- Born: 4 July 1989 (age 36) Chambéry, France
- Height: 169 cm (5 ft 7 in)
- Weight: 73 kg (161 lb; 11 st 7 lb)
- Position: Forward
- Shot: Right
- Played for: Les Canadiennes de Montréal Montreal Carabins Neuilly-sur-Marne Modo Hockey
- National team: France
- Playing career: 2007–2022

= Marion Allemoz =

French ice hockey player

Marion Allemoz (born 4 July 1989) is a French retired professional ice hockey forward. She was the first French player to play professional women's ice hockey in North America as a member of Les Canadiennes de Montréal of the Canadian Women's Hockey League (CWHL) from 2016 to 2018.

==Playing career==
===Early career===
Allemoz played on boys' teams in Chambéry, France, until she was 18 along with her four siblings, being coached by her older sister.

===CIS===
In 2011, she left France to become the first French player to play ice hockey at the Canadian Interuniversity Sport level. She would go on to win two national championships in 2013 and 2016 with the Montreal Carabins women's ice hockey program, putting up 62 points across 84 CIS games.

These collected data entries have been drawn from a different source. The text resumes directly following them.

Lemma unif_discrete_eq (X : R * R -> Prop) (s : R) (z w : R * R) :
  unif_discrete X s -> X z -> X w -> dist2 z w < 2 * s -> z = w.
Proof.
  intros [_ Hdisc] Hz Hw Hzw.
  apply (Hdisc (midpoint z w)); unfold in_ball;
    rewrite ?dist2_midpoint_l, ?dist2_midpoint_r; auto; lra.
Qed.

Lemma dist2_polar (a b u v : R) :
  dist2 (a * cos u, a * sin u) (b * cos v, b * sin v)
  = sqrt ((a - b) ^ 2 + 2 * a * b * (1 - cos (u - v))).
Proof.
  unfold dist2; cbn [fst snd]. f_equal. rewrite cos_minus.
  pose proof (sin2_cos2 u). pose proof (sin2_cos2 v). unfold Rsqr in *. nra.
Qed.

Lemma polar_decomposition (c1 c2 : R) : 0 < sqrt (c1 ^ 2 + c2 ^ 2) ->
  exists phi, c1 = sqrt (c1 ^ 2 + c2 ^ 2) * cos phi /\ c2 = sqrt (c1 ^ 2 + c2 ^ 2) * sin phi.
Proof.
  intros Hr. set (r := sqrt (c1 ^ 2 + c2 ^ 2)) in *.
  assert (Hr2 : r ^ 2 = c1 ^ 2 + c2 ^ 2) by (apply pow2_sqrt; nra).
  set (u := c1 / r).
  assert (Hu : -1 <= u <= 1).
  { assert (u ^ 2 <= 1); [|nra].
    unfold u. replace ((c1 / r) ^ 2) with (c1 ^ 2 / r ^ 2) by (field; lra).
    apply (Rmult_le_reg_r (r ^ 2)); [nra|]. unfold Rdiv. rewrite Rmult_assoc, Rinv_l by nra. nra. }
  assert (Hsin : sqrt (1 - u²) = Rabs (c2 / r)).
  { rewrite <- sqrt_Rsqr_abs. f_equal. unfold Rsqr, u. field_simplify; [|lra|lra].
    rewrite Hr2. field. nra. }
  destruct (Rle_dec 0 c2) as [Hc2 | Hc2].
  - exists (acos u). rewrite cos_acos, sin_acos, Hsin by exact Hu.
    rewrite Rabs_right by (apply Rle_ge, Rmult_le_pos; [lra | left; apply Rinv_0_lt_compat; lra]).
    unfold u. split; field; lra.
  - exists (- acos u). rewrite cos_neg, sin_neg, cos_acos, sin_acos, Hsin by exact Hu.
    rewrite Rabs_left by (apply Rdiv_neg_pos; lra).
    unfold u. split; field; lra.
Qed.

Lemma dist2_origin_Xpt (alpha : R) (n : nat) : dist2 (0, 0) (Xpt alpha n) = sqrt (INR n).
Proof.
  unfold dist2, Xpt; cbn [fst snd]. f_equal.
  pose proof (sin2_cos2 (2 * PI * INR n * alpha)) as Htrig. unfold Rsqr in Htrig.
  pose proof (pow2_sqrt (INR n) (pos_INR n)). nra.
Qed.

Lemma Xpt_inj (alpha : R) (n m : nat) : Xpt alpha n = Xpt alpha m -> n = m.
Proof.
  intros Heq. apply INR_eq, sqrt_inj; try apply pos_INR.
  rewrite <- !(dist2_origin_Xpt alpha), Heq. reflexivity.
Qed.

Lemma dist2_Xpt (alpha : R) (n m : nat) :
  dist2 (Xpt alpha n) (Xpt alpha m)
  = sqrt ((sqrt (INR n) - sqrt (INR m)) ^ 2
          + 2 * sqrt (INR n) * sqrt (INR m) * (1 - cos (2 * PI * (INR n - INR m) * alpha))).
Proof.
  unfold Xpt. rewrite dist2_polar.
  replace (2 * PI * INR n * alpha - 2 * PI * INR m * alpha) with (2 * PI * (INR n - INR m) * alpha) by ring.
  reflexivity.
Qed.

Fixpoint cf_seq_pair (a : nat -> Z) (u0 u1 : Z) (j : nat) : Z * Z :=
  match j with
  | O => (u0, u1)
  | S k => let (x, y) := cf_seq_pair a u0 u1 k in (y, (a k * y + x)%Z)
  end.

Definition cf_seq (a : nat -> Z) (u0 u1 : Z) (j : nat) : Z := fst (cf_seq_pair a u0 u1 j).

Lemma cf_seq_S (a : nat -> Z) (u0 u1 : Z) (j : nat) :
  cf_seq a u0 u1 (S j) = snd (cf_seq_pair a u0 u1 j).
Proof. unfold cf_seq. simpl. destruct (cf_seq_pair a u0 u1 j). reflexivity. Qed.
(* Let $B=(b_{ij})$ be an $n\times n$ skew-symmetrizable integer matrix and let $D=\operatorname{diag}(d_1,\dots,d_n)$ be a skew-symmetrizer of $B$ (positive integers $d_i$ with $DB$ skew-symmetric), and put $\mathbf d=(d_1,\dots,d_n)$. Then for every $k\in\{1,\dots,n\}$ the weighted quivers $\mu_k(Q_B,\mathbf d)$ and $(Q_{\mu_k(B)},\mathbf d)$ are isomorphic (as weighted quivers on the vertex set $\{1,\dots,n\}$ with weight tuple $\mathbf d$).
   Context: A weighted quiver is a pair $(Q,\mathbf d)$ where $Q$ is a finite loop-free quiver on vertex set $Q_0$ (multiple arrows and 2-cycles allowed) and $\mathbf d=(d_i)_{i\in Q_0}$ is a tuple of positive integers. For $B$ and $D$ as in the claim, $Q_B$ is the quiver on vertex set $\{1,\dots,n\}$ having, for every pair $i,j$ with $c_{ij}\ge 0$, exactly $c_{ij}$ arrows from $j$ to $i$, where $c_{ij}=\gcd(d_i,d_j)b_{ij}/d_j$ (the matrix $(c_{ij})$ is a skew-symmetric integer matrix). Matrix mutation: $\mu_k(B)=B'$ with $b'_{ij}=-b_{ij}$ if $i=k$ or $j=k$, and $b'_{ij}=b_{ij}+\frac{b_{ik}|b_{kj}|+|b_{ik}|b_{kj}}{2}$ otherwise. Mutation of a weighted quiver $(Q,\mathbf d)$ at a vertex $k$: $\mu_k(Q,\mathbf d)$ has the same vertex set and weight tuple, and its quiver is obtained by (1) for each pair of arrows $j\to k$, $k\to i$, adding $\frac{\gcd(d_i,d_j)d_k}{\gcd(d_i,d_k)\gcd(d_k,d_j)}$ new arrows from $j$ to $i$; (2) reversing every arrow incident to $k$; (3) choosing a maximal collection of pairwise disjoint oriented 2-cycles and deleting its arrows. *)

From HB Require Import structures.
From mathcomp Require Import all_boot all_order all_algebra.
Set Implicit Arguments. Unset Strict Implicit. Unset Printing Implicit Defensive.
Import Order.TTheory GRing.Theory Num.Theory.

(* A quiver on the vertex set 'I_n (= {1,..,n}) with multiple arrows, given up
   to isomorphism fixing the vertices, i.e. by its arrow counts:
   Q i j = number of arrows from i to j. *)
Definition quiver (n : nat) := 'I_n -> 'I_n -> nat.

Record wquiver (n : nat) := WQuiver { wq_quiver : quiver n; wq_weight : 'I_n -> nat }.

(* Isomorphism of weighted quivers on the vertex set 'I_n with the same weight
   tuple: identity on vertices, bijection on arrows (= equal arrow counts). *)
Definition wq_iso n (P Q : wquiver n) : Prop :=
  (forall i, wq_weight P i = wq_weight Q i) /\
  (forall i j, wq_quiver P i j = wq_quiver Q i j).

Local Open Scope ring_scope.

Definition skew_symmetrizer n (B : 'M[int]_n) (d : 'I_n -> nat) : Prop :=
  (forall i, (0 < d i)%N) /\
  (forall i j, (d i)%:Z * B i j = - ((d j)%:Z * B j i)).

Definition mat_mut n (k : 'I_n) (B : 'M[int]_n) : 'M[int]_n :=
  \matrix_(i, j)
    if (i == k) || (j == k) then - B i j
    else B i j + ((B i k * `|B k j| + `|B i k| * B k j) %/ 2)%Z.

Definition cmat n (B : 'M[int]_n) (d : 'I_n -> nat) (i j : 'I_n) : int :=
  (((gcdn (d i) (d j))%:Z * B i j) %/ (d j)%:Z)%Z.

Definition quiver_of n (B : 'M[int]_n) (d : 'I_n -> nat) : quiver n :=
  fun j i => if 0 <= cmat B d i j then absz (cmat B d i j) else 0%N.

Definition wq_mut n (k : 'I_n) (W : wquiver n) : wquiver n :=
  let Q := wq_quiver W in
  let d := wq_weight W in
  let Q1 : quiver n := fun j i =>
    (Q j i + Q j k * Q k i *
       (gcdn (d i) (d j) * d k %/ (gcdn (d i) (d k) * gcdn (d k) (d j))))%N in
  let Q2 : quiver n := fun i j =>
    if (i == k) || (j == k) then Q1 j i else Q1 i j in
  (* (3) delete a maximal collection of pairwise disjoint oriented 2-cycles:
         between i and j exactly min(#(i->j), #(j->i)) such cycles are removed *)
  let Q3 : quiver n := fun i j => (Q2 i j - minn (Q2 i j) (Q2 j i))%N in
  WQuiver Q3 d.

From HB Require Import structures.
From mathcomp Require Import all_boot all_order all_algebra.
From mathcomp Require Import ring lra zify.
Set Implicit Arguments. Unset Strict Implicit. Unset Printing Implicit Defensive.
Import Order.TTheory GRing.Theory Num.Theory.

(* Both sides are compared through the *net arrow count* between two
   vertices: after step (3) of weighted-quiver mutation the number of arrows
   i -> j is the positive part [x]_+ of (#(i->j) - #(j->i)) taken after steps
   (1)-(2), and the number of arrows i -> j of Q_B is [c_ji]_+.  So it suffices
   to show that the net count of the mutated quiver equals c'_ji, the c-entry
   of mu_k(B).
   - A general lemma computes that net count for any weighted quiver without
     loop at k (wq_mut_arrows), using the factor F of step (1) (mut_factor).
   - For Q_B the net counts are the entries c_ji, and the quiver terms of
     step (1) combine into the "signed product" sprod x y = [x]_+[y]_+ -
     [-x]_+[-y]_+, which is also (x|y| + |x|y)/2, the term of matrix mutation.
   - The exactness d_j c_ij = gcd(d_i,d_j) b_ij, the homogeneity of sprod and
     the identity F gcd(d_i,d_k) gcd(d_k,d_j) = gcd(d_i,d_j) d_k then match
     c'_ji with the net count. *)

(* The number F = gcd(d_i,d_j) d_k / (gcd(d_i,d_k) gcd(d_k,d_j)) of arrows
   j -> i added in step (1) for each path j -> k -> i. *)
Definition mut_factor (di dj dk : nat) : nat :=
  (gcdn di dj * dk %/ (gcdn di dk * gcdn dk dj))%N.

(* F is symmetric in i and j, so both orientations of step (1) agree. *)
Lemma mut_factorC (di dj dk : nat) : mut_factor di dj dk = mut_factor dj di dk.
Proof.
by rewrite /mut_factor (gcdnC dj di) (gcdnC dj dk) (gcdnC dk di) (mulnC (gcdn dk dj)).
Qed.

(* The divisibility that makes the quotient defining F exact. *)
Lemma gcd_prod_dvd (a b c : nat) : (gcdn a c * gcdn c b %| gcdn a b * c)%N.
Proof.
have dvd_ac : (gcdn a c * gcdn c b %| a * c)%N.
  by rewrite dvdn_mul ?dvdn_gcdl.
have dvd_bc : (gcdn a c * gcdn c b %| b * c)%N.
  by rewrite mulnC dvdn_mul ?dvdn_gcdr.
by rewrite [X in (_ %| X)%N]muln_gcdl dvdn_gcd dvd_ac dvd_bc.
Qed.

Lemma mut_factorP (di dj dk : nat) :
  (mut_factor di dj dk * (gcdn di dk * gcdn dk dj) = gcdn di dj * dk)%N.
Proof. by rewrite /mut_factor divnK // gcd_prod_dvd. Qed.

Local Open Scope ring_scope.

Definition pospart (x : int) : int := if 0 <= x then x else 0.

Lemma pospart_ge0 (x : int) : 0 <= x -> pospart x = x.
Proof. by rewrite /pospart => ->. Qed.

Lemma pospart_le0 (x : int) : x <= 0 -> pospart x = 0.
Proof. by rewrite /pospart; case: ifP => // x_ge0 x_le0; lia. Qed.

Lemma pospart_sub (x : int) : pospart x - pospart (- x) = x.
Proof.
case: (lerP 0 x) => hx.
  by rewrite pospart_ge0 // pospart_le0 ?oppr_le0 // subr0.
by rewrite pospart_le0 ?(ltW hx) // pospart_ge0 ?oppr_ge0 ?(ltW hx) // sub0r opprK.
Qed.

Lemma pospartZ (a x : int) : 0 <= a -> pospart (a * x) = a * pospart x.
Proof.
move=> a_ge0; case: (lerP 0 x) => hx.
  by rewrite !pospart_ge0 ?mulr_ge0.
by rewrite !pospart_le0 ?mulr0 ?(ltW hx) // mulr_ge0_le0 ?(ltW hx).
Qed.

Lemma sub_minnE (a b : nat) : ((a - minn a b)%N)%:Z = pospart (a%:Z - b%:Z).
Proof. by rewrite /pospart; case: ifP; lia. Qed.

Definition sprod (x y : int) : int :=
  pospart x * pospart y - pospart (- x) * pospart (- y).

Lemma sprodC (x y : int) : sprod x y = sprod y x.
Proof. by rewrite /sprod mulrC [pospart (- y) * _]mulrC. Qed.

Lemma sprodZ (a b x y : int) : 0 <= a -> 0 <= b ->
  sprod (a * x) (b * y) = a * b * sprod x y.
Proof.
move=> a_ge0 b_ge0.
by rewrite /sprod -!mulrN !pospartZ //; ring.
Qed.

Lemma sprod_half (x y : int) : ((x * `|y| + `|x| * y) %/ 2)%Z = sprod x y.
Proof.
rewrite /sprod.
case: (lerP 0 x) => hx; case: (lerP 0 y) => hy.
- have [nx ny] : - x <= 0 /\ - y <= 0 by rewrite !oppr_le0.
  rewrite (ger0_norm hx) (ger0_norm hy) (pospart_ge0 hx) (pospart_ge0 hy).
  rewrite (pospart_le0 nx) (pospart_le0 ny).
  rewrite (_ : _ + _ = (x * y) * 2) ?mulzK //; ring.
- have nx : - x <= 0 by rewrite oppr_le0.
  rewrite (ger0_norm hx) (ltr0_norm hy) (pospart_ge0 hx) (pospart_le0 (ltW hy)).
  rewrite (pospart_le0 nx) (_ : _ + _ = 0) ?div0z; ring.
- have ny : - y <= 0 by rewrite oppr_le0.
  rewrite (ltr0_norm hx) (ger0_norm hy) (pospart_le0 (ltW hx)) (pospart_le0 ny).
  rewrite (_ : _ + _ = 0) ?div0z; ring.
- have [nx ny] : 0 <= - x /\ 0 <= - y by rewrite !oppr_ge0 !ltW.
  rewrite (ltr0_norm hx) (ltr0_norm hy) (pospart_le0 (ltW hx)) (pospart_le0 (ltW hy)).
  rewrite (pospart_ge0 nx) (pospart_ge0 ny).
  rewrite (_ : _ + _ = (- (x * y)) * 2) ?mulzK //; ring.
Qed.

(* Net number of arrows i -> j of the quiver obtained from W after steps (1)
   and (2) of the mutation at k (before cancelling 2-cycles). *)
Definition mut_balance n (k : 'I_n) (W : wquiver n) (i j : 'I_n) : int :=
  let Q := wq_quiver W in
  let d := wq_weight W in
  if (i == k) || (j == k) then (Q j i)%:Z - (Q i j)%:Z
  else (Q i j)%:Z - (Q j i)%:Z
       + (mut_factor (d i) (d j) (d k))%:Z * ((Q i k * Q k j)%:Z - (Q j k * Q k i)%:Z).

Lemma wq_mut_arrows n (k : 'I_n) (W : wquiver n) (i j : 'I_n) :
  wq_quiver W k k = 0%N ->
  (wq_quiver (wq_mut k W) i j)%:Z = pospart (mut_balance k W i j).
Proof.
move=> no_loop; rewrite /= sub_minnE /mut_balance orbC.
case: ifP => [incident | /negbT not_incident]; congr pospart.
  by case/orP: incident => /eqP ->; rewrite no_loop ?muln0 ?mul0n ?addn0.
have F_sym := mut_factorC (wq_weight W j) (wq_weight W i) (wq_weight W k).
rewrite /mut_factor in F_sym; rewrite F_sym !PoszD !PoszM; ring.
Qed.

Lemma quiver_ofE n (B : 'M[int]_n) (d : 'I_n -> nat) (i j : 'I_n) :
  (quiver_of B d i j)%:Z = pospart (cmat B d j i).
Proof. by rewrite /quiver_of /pospart; case: ifP => // c_ge0; rewrite gez0_abs. Qed.

Section QuiverOfMatrix.

Variables (n : nat) (B : 'M[int]_n) (d : 'I_n -> nat).
Hypothesis hD : skew_symmetrizer B d.

Local Notation c := (cmat B d).

Lemma weight_neq0 (i : 'I_n) : (d i)%:Z != 0.
Proof. by case: hD => d_gt0 _; rewrite eqz_nat -lt0n d_gt0. Qed.

Lemma cmat_exact (i j : 'I_n) : (d j)%:Z * c i j = (gcdn (d i) (d j))%:Z * B i j.
Proof.
rewrite /cmat mulrC divzK // /dvdz unfold_in /= abszM !absz_nat.
have dvd_di_bij : (d j %| d i * absz (B i j))%N.
  case: hD => _ skew; have := congr1 absz (skew i j).
  by rewrite abszN !abszM !absz_nat => ->; apply: dvdn_mulr.
by rewrite muln_gcdl dvdn_gcd dvd_di_bij dvdn_mulr.
Qed.

Lemma cmat_skew (i j : 'I_n) : c j i = - c i j.
Proof.
apply: (mulIf (mulf_neq0 (weight_neq0 i) (weight_neq0 j))).
case: hD => _ skew.
have -> : c j i * ((d i)%:Z * (d j)%:Z) = (d j)%:Z * ((d i)%:Z * c j i) by ring.
have -> : - c i j * ((d i)%:Z * (d j)%:Z) = - ((d i)%:Z * ((d j)%:Z * c i j)) by ring.
rewrite !cmat_exact gcdnC.
have -> : (d i)%:Z * ((gcdn (d i) (d j))%:Z * B i j)
          = (gcdn (d i) (d j))%:Z * ((d i)%:Z * B i j) by ring.
rewrite skew; ring.
Qed.

Lemma quiver_of_loop (k : 'I_n) : quiver_of B d k k = 0%N.
Proof.
have c_kk : c k k = 0 by have := cmat_skew k k; lra.
by rewrite /quiver_of c_kk.
Qed.

Lemma quiver_of_balance (i j : 'I_n) :
  (quiver_of B d i j)%:Z - (quiver_of B d j i)%:Z = c j i.
Proof. by rewrite !quiver_ofE (cmat_skew j i) pospart_sub. Qed.

Lemma cmat_mut_incident (k i j : 'I_n) : (i == k) || (j == k) ->
  cmat (mat_mut k B) d j i = - c j i.
Proof.
move=> incident; rewrite {1}/cmat mxE (orbC (j == k)) incident mulrN.
rewrite -(cmat_exact j i).
by rewrite -mulrN mulKz ?weight_neq0.
Qed.

Lemma sprod_cmat (k i j : 'I_n) :
  (d i)%:Z * ((mut_factor (d i) (d j) (d k))%:Z * sprod (c k i) (c j k))
  = (gcdn (d j) (d i))%:Z * sprod (B k i) (B j k).
Proof.
apply: (mulIf (weight_neq0 k)).
have F_spec : (mut_factor (d i) (d j) (d k))%:Z
                * ((gcdn (d k) (d i))%:Z * (gcdn (d j) (d k))%:Z)
              = (gcdn (d j) (d i))%:Z * (d k)%:Z.
  rewrite -!PoszM (gcdnC (d k) (d i)) (gcdnC (d j) (d k)) (gcdnC (d j) (d i)).
  by rewrite mut_factorP.
transitivity ((mut_factor (d i) (d j) (d k))%:Z
                * sprod ((d i)%:Z * c k i) ((d k)%:Z * c j k)).
  by rewrite sprodZ //; ring.
by rewrite !cmat_exact sprodZ // mulrA F_spec; ring.
Qed.

Lemma cmat_mut_generic (k i j : 'I_n) : ~~ ((i == k) || (j == k)) ->
  cmat (mat_mut k B) d j i
  = c j i + (mut_factor (d i) (d j) (d k))%:Z * sprod (c k i) (c j k).
Proof.
move=> not_incident.
rewrite {1}/cmat mxE (orbC (j == k)) (negbTE not_incident) sprod_half sprodC.
by rewrite mulrDr -sprod_cmat -(cmat_exact j i) -mulrDr mulKz ?weight_neq0.
Qed.

Lemma mut_balance_quiver_of (k i j : 'I_n) :
  mut_balance k (WQuiver (quiver_of B d) d) i j = cmat (mat_mut k B) d j i.
Proof.
rewrite /mut_balance /=; case: ifP => [incident | /negbT not_incident].
  by rewrite cmat_mut_incident // -quiver_of_balance opprB.
rewrite cmat_mut_generic // quiver_of_balance !PoszM !quiver_ofE.
by rewrite (cmat_skew j k) (cmat_skew k i) /sprod [pospart (- _) * _]mulrC.
Qed.

End QuiverOfMatrix.

Theorem mainTheorem1 (n : nat) (B : 'M[int]_n) (d : 'I_n -> nat)
  (hD : skew_symmetrizer B d) (k : 'I_n) :
  wq_iso (wq_mut k (WQuiver (quiver_of B d) d))
         (WQuiver (quiver_of (mat_mut k B) d) d).
Proof.
split=> // i j; apply/eqP; rewrite -eqz_nat; apply/eqP.
rewrite wq_mut_arrows; last exact: quiver_of_loop.
by rewrite quiver_ofE mut_balance_quiver_of.
Qed.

At the 2013 CIS national women's ice hockey championships, Allemoz would score the Carabins’ second goal of the gold medal game against goaltender Amanda Tapp, an eventual 3–2 final against the Calgary Dinos.

During the 2014–15 season, Allemoz was one of three members of the French national team competing for the program. She was joined by Lore Baudrit and Emmanuelle Passard. Heading into the 2015–16 season, Allemoz was bestowed the honor of the Carabins’ team captaincy. By season's end, the Carabins would capture their second national title in program history, as Allemoz earned an assist in the gold medal game, an 8–0 final against the UBC Thunderbirds.

===Professional===
She was drafted 24th overall by Les Canadiennes de Montreal at the 2016 CWHL Draft. After graduating, she signed her first professional contract with the club, the first French national to play in the CWHL. She up 16 points in 47 games with the club from 2016 to 2018, winning the 2017 Clarkson Cup.

In 2018, she signed with Modo Hockey in Sweden. She scored 21 points in 33 games in the 2019–20 season, leading the team in points and serving as an alternate captain as it finished in ninth place, being forced into the relegation playoffs for the first time in team history. She scored the first hattrick of the 2020–21 SDHL season in Modo's opening match against Göteborg HC.

===International===
Allemoz made her senior debut for the French national team at the 2007 IIHF Women's World Championship Division I. She was made national team captain after the 2009 IIHF Women's World Championship Division I, where the country failed to win any games and was relegated despite her scoring 7 points in 5 games. She would lead the team to promotion back to Division I – which had been renamed Division 1A in 2011 – in the 2013 IIHF Women's World Championship Division I and was named best forward of the tournament by the directorate, scoring 10 points in 5 games.

Allemoz would win a bronze medal in Group A play at the 2015 IIHF Women's World Championship Division I tournament. Of note, the event was hosted in her native France (in the city of Rouen). Allemoz would accumulate seven points during the tournament.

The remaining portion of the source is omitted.